Gene editing strategies, such as repurposing the Clustered Regularly Interspaced Short Palindromic Repeats (CRISPR)-Cas9 system, have recently emerged as a potential solution for the limitations brought by gene augmentation strategies [293,294,301,302,303]. In CRISPR-Cas9 gene therapy, a Cas9 endonuclease is delivered to the target region via guide RNA, which causes double-strand breaks in the predefined regions of the genome. Subsequently, DNA-repair mechanisms are activated, namely non-homologous end joining (NHEJ) or homology-directed repair (HDR). Based on these two repair mechanisms, several types of gene editing can be performed. Using NHEJ, the ends of the cleaved DNA are ligated with or without the addition of base pairs, often resulting in gene inactivation. If multiple guide RNAs are introduced that target separates sites, NHEJ can be used to delete specific sequences. If a DNA template homologous to the target region is introduced alongside the CRISPR-Cas9 system, cells can even correct a gene, or insert a new gene using HDR mechanisms [301].
As with any form of gene therapy, the main challenges of CRISPR-Cas9 include the delivery of the CRISPR-Cas9 complex, and the potential risk of an immune response. In addition, a major drawback for the use of CRISPR-Cas9 therapies are potential off-target effects. When using the CRISPR-Cas9 system, the guide RNA may target different regions than intended due to similarities within the genome, subsequently resulting in unwanted genomic modifications [304]. Furthermore, HDR efficiency, which is required to correct IRD-causing variants, in retinal cells is low. HDR functions mainly in dividing cells and is not highly efficient in post-mitotic retinal cells [302].

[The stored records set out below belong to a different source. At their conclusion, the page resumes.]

(* For every $n\in\mathbb{N}$ there exists a directed acyclic graph $D_n$ with $\operatorname{dbw}(D_n)\ge n$.
   Context: For a digraph $D$ and $X\subseteq E(D)$, $S^V_X=\{y: \exists x,z,\ \vec{xy}\in E(D)\setminus X,\ \vec{yz}\in X\}$. The directed branch-width $\operatorname{dbw}(D)$ is the minimum over pairs $(T,\beta)$ ($T$ a tree of maximum degree at most three, $\beta$ a bijection from the leaves of $T$ onto $E(D)$) of the maximum over edges $t$ of $T$ of $|S^V_{\beta(Y)}\cup S^V_{E(D)\setminus\beta(Y)}|$, where $Y$ is the set of leaves on one side of $T-t$ (width 0 if $T$ has no edges). *)

From mathcomp Require Import all_boot.
Set Implicit Arguments. Unset Strict Implicit. Unset Printing Implicit Defensive.

(* A (simple, finite) digraph is a finite vertex type V with an arc relation e;
   its arc set E(D) is the set of pairs (x,y) with e x y. *)
Definition arcs (V : finType) (e : rel V) : {set V * V} := [set p | e p.1 p.2].

(* Directed acyclic: no directed cycle (in particular no loops). *)
Definition dag (V : finType) (e : rel V) : Prop :=
  forall x y, e x y -> ~~ connect e y x.

Definition SV (V : finType) (e : rel V) (X : {set V * V}) : {set V} :=
  [set y | [exists x, [exists z, ((x, y) \in arcs e :\: X) && ((y, z) \in X)]]].

Definition is_tree (T : finType) (t : rel T) : Prop :=
  [/\ 0 < #|T|, symmetric t, irreflexive t,
      (forall x y : T, connect t x y) &
      #|[set p : T * T | t p.1 p.2]| = 2 * (#|T| - 1)].

Definition deg (T : finType) (t : rel T) (x : T) : nat := #|[set y | t x y]|.

(* leaves: vertices of degree at most one (a one-vertex tree is its own leaf) *)
Definition leaves (T : finType) (t : rel T) : {set T} := [set x | deg t x <= 1].

Definition del_edge (T : finType) (t : rel T) (u v : T) : rel T :=
  fun x y => t x y && ~~ (((x == u) && (y == v)) || ((x == v) && (y == u))).

Definition side (T : finType) (t : rel T) (u v : T) : {set T} :=
  [set l in leaves t | connect (del_edge t u v) u l].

12.4. Antisense Oligonucleotide Therapy

RNA therapies, such as antisense oligonucleotides (AONs), are an interesting treatment modality for IRDs, as they provide a possible solution for some patients with genetic variants not suited for AAV gene therapy, e.g., patients with splice-site defects [305,306]. AONs are short chains of nucleic acids that bind to a specific complementary messenger RNA (mRNA) to modify the expression of a given nucleotide sequence. The exact working mechanism differs between AONs, as they can be used, for example, to correct pre-mRNA splicing, for exon skipping or for mRNA knockdown [294].
There are some potential advantages of AONs over DNA-based therapies: AONs are relatively small in size and can fit current vectors; they do not directly modify DNA; and they do not induce double-strand breaks, thus not interfering with the endogenous expression of the target gene [307]. A limitation is that AONs have a limited duration effect based on their half-life and multiple intravitreal injections over the course of disease are likely needed [306]. Currently, no approved RNA therapies are available for IRDs and more data are needed to support the efficacy in this group of diseases, although several clinical trials are ongoing for variants in CEP290, USH2A and RHO [306].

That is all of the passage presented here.